==== INFORMATION PROVIDED
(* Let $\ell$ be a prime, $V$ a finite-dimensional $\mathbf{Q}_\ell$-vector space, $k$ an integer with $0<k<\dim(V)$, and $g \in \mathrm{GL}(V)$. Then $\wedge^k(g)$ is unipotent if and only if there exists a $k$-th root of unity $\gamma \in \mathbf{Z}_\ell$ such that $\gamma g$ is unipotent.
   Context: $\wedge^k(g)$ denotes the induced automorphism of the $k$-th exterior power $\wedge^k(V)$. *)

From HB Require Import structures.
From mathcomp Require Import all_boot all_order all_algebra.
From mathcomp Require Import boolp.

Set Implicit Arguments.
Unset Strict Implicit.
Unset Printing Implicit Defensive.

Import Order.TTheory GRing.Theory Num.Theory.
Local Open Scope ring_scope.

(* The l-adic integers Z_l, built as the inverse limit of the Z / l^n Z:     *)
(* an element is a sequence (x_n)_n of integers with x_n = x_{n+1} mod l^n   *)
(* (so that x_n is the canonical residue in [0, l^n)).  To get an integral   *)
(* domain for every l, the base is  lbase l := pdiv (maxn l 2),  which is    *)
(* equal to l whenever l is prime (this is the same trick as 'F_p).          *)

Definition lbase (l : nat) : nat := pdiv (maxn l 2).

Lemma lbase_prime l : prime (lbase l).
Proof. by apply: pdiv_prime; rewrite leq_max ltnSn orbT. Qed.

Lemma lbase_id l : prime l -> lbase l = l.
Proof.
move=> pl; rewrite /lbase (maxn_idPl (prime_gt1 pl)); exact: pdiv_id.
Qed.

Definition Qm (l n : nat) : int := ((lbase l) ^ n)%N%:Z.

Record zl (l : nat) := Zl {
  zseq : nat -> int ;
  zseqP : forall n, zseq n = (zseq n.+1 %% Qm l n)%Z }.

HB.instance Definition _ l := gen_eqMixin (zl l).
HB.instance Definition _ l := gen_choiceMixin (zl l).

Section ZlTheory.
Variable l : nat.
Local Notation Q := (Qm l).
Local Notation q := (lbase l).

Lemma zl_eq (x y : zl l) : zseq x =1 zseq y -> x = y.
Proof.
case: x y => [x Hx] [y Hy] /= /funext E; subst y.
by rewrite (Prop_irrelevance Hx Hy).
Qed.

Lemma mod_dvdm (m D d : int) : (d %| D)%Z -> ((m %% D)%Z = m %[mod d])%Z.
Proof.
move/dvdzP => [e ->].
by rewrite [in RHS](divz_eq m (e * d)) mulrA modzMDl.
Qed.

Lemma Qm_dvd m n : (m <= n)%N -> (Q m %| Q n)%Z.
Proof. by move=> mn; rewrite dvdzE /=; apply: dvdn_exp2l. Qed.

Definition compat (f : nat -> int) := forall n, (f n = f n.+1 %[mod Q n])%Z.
========
Transcribe the listing above exactly, including every line.

EXERCISE ANSWER.
(* Let $\ell$ be a prime, $V$ a finite-dimensional $\mathbf{Q}_\ell$-vector space, $k$ an integer with $0<k<\dim(V)$, and $g \in \mathrm{GL}(V)$. Then $\wedge^k(g)$ is unipotent if and only if there exists a $k$-th root of unity $\gamma \in \mathbf{Z}_\ell$ such that $\gamma g$ is unipotent.
   Context: $\wedge^k(g)$ denotes the induced automorphism of the $k$-th exterior power $\wedge^k(V)$. *)

From HB Require Import structures.
From mathcomp Require Import all_boot all_order all_algebra.
From mathcomp Require Import boolp.

Set Implicit Arguments.
Unset Strict Implicit.
Unset Printing Implicit Defensive.

Import Order.TTheory GRing.Theory Num.Theory.
Local Open Scope ring_scope.

(* The l-adic integers Z_l, built as the inverse limit of the Z / l^n Z:     *)
(* an element is a sequence (x_n)_n of integers with x_n = x_{n+1} mod l^n   *)
(* (so that x_n is the canonical residue in [0, l^n)).  To get an integral   *)
(* domain for every l, the base is  lbase l := pdiv (maxn l 2),  which is    *)
(* equal to l whenever l is prime (this is the same trick as 'F_p).          *)

Definition lbase (l : nat) : nat := pdiv (maxn l 2).

Lemma lbase_prime l : prime (lbase l).
Proof. by apply: pdiv_prime; rewrite leq_max ltnSn orbT. Qed.

Lemma lbase_id l : prime l -> lbase l = l.
Proof.
move=> pl; rewrite /lbase (maxn_idPl (prime_gt1 pl)); exact: pdiv_id.
Qed.

Definition Qm (l n : nat) : int := ((lbase l) ^ n)%N%:Z.

Record zl (l : nat) := Zl {
  zseq : nat -> int ;
  zseqP : forall n, zseq n = (zseq n.+1 %% Qm l n)%Z }.

HB.instance Definition _ l := gen_eqMixin (zl l).
HB.instance Definition _ l := gen_choiceMixin (zl l).

Section ZlTheory.
Variable l : nat.
Local Notation Q := (Qm l).
Local Notation q := (lbase l).

Lemma zl_eq (x y : zl l) : zseq x =1 zseq y -> x = y.
Proof.
case: x y => [x Hx] [y Hy] /= /funext E; subst y.
by rewrite (Prop_irrelevance Hx Hy).
Qed.

Lemma mod_dvdm (m D d : int) : (d %| D)%Z -> ((m %% D)%Z = m %[mod d])%Z.
Proof.
move/dvdzP => [e ->].
by rewrite [in RHS](divz_eq m (e * d)) mulrA modzMDl.
Qed.

Lemma Qm_dvd m n : (m <= n)%N -> (Q m %| Q n)%Z.
Proof. by move=> mn; rewrite dvdzE /=; apply: dvdn_exp2l. Qed.

Definition compat (f : nat -> int) := forall n, (f n = f n.+1 %[mod Q n])%Z.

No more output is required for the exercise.